Task to carry out
Would you copy the material below word for word, beginning with its first line and ending with the line that contains "assert (Hy' : vanishes_from"?
—————
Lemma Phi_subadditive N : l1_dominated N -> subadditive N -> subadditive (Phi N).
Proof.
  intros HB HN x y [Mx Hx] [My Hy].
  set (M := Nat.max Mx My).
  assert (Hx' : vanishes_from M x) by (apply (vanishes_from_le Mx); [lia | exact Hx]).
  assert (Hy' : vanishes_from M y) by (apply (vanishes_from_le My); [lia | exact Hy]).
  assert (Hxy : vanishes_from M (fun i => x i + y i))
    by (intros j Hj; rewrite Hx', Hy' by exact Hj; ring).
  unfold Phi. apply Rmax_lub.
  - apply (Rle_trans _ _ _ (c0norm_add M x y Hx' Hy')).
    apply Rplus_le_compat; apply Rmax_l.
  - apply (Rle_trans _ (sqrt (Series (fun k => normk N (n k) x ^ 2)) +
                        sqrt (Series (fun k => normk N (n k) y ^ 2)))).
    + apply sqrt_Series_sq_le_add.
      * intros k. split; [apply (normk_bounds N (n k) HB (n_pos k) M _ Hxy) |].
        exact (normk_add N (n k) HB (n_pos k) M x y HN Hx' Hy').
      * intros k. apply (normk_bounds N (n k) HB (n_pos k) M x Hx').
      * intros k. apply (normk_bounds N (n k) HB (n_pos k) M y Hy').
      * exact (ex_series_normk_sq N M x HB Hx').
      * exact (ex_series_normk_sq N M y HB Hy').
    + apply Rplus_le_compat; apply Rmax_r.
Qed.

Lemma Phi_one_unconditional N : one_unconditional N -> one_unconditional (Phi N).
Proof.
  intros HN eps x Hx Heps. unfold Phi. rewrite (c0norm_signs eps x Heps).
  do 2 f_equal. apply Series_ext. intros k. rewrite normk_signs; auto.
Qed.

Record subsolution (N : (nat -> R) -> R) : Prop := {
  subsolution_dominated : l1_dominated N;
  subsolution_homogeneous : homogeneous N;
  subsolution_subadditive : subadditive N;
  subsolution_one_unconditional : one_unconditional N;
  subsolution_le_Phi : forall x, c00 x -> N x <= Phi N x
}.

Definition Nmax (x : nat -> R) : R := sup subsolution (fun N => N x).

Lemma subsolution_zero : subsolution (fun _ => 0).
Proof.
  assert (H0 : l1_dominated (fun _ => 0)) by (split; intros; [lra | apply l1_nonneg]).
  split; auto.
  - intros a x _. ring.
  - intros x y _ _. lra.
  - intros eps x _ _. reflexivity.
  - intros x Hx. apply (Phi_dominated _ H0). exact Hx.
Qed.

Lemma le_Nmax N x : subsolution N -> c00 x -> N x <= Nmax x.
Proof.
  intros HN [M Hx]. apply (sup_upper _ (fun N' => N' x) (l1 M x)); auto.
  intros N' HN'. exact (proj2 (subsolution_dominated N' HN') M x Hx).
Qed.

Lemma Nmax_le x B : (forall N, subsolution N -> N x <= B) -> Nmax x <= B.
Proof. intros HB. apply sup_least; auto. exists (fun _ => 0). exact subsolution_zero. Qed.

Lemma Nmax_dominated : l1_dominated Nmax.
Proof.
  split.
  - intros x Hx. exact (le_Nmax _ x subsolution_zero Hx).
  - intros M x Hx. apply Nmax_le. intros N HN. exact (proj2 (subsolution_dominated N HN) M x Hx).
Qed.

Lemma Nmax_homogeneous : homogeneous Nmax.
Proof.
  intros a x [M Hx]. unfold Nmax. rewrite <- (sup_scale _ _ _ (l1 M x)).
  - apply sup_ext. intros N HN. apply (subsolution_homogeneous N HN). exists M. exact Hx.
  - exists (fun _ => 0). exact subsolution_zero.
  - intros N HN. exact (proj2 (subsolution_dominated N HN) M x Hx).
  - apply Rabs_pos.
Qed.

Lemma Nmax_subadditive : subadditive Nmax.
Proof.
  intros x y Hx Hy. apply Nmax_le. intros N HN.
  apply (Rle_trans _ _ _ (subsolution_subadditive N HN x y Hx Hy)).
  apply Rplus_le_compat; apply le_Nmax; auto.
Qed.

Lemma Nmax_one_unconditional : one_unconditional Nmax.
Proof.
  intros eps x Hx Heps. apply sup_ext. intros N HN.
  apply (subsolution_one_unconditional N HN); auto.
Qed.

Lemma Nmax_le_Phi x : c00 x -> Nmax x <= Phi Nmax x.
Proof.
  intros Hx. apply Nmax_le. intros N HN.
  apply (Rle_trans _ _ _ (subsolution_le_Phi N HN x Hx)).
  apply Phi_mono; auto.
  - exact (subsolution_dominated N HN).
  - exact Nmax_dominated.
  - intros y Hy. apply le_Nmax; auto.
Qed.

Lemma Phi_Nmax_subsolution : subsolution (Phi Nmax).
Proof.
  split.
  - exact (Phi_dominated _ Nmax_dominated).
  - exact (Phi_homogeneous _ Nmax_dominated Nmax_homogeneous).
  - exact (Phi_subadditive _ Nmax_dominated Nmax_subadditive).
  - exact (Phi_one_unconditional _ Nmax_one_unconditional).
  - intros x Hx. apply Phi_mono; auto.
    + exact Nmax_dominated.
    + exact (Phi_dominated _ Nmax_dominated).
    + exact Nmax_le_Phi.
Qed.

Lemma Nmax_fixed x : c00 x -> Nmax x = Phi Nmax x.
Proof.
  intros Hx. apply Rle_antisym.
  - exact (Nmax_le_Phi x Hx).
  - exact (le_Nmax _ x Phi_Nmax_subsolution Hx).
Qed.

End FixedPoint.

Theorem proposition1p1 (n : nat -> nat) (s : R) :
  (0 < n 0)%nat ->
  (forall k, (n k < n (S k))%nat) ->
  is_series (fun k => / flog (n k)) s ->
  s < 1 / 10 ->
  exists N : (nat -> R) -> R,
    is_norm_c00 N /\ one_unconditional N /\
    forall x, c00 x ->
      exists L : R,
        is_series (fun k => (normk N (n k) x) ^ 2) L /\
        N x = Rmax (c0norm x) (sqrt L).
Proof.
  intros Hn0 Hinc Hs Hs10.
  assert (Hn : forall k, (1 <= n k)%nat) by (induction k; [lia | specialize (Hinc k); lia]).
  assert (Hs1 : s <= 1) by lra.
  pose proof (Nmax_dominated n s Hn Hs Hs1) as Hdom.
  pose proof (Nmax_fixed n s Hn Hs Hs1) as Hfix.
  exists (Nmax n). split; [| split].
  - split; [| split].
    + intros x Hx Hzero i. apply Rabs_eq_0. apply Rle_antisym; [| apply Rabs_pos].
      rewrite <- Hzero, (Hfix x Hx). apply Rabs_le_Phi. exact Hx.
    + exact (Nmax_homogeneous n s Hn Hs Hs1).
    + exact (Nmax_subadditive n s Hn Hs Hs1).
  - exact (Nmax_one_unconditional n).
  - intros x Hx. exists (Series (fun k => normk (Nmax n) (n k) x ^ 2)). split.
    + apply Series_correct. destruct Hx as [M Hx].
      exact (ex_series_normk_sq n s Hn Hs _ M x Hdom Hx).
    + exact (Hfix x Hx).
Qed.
—————
Task response
Lemma Phi_subadditive N : l1_dominated N -> subadditive N -> subadditive (Phi N).
Proof.
  intros HB HN x y [Mx Hx] [My Hy].
  set (M := Nat.max Mx My).
  assert (Hx' : vanishes_from M x) by (apply (vanishes_from_le Mx); [lia | exact Hx]).
  assert (Hy' : vanishes_from M y) by (apply (vanishes_from_le My); [lia | exact Hy]).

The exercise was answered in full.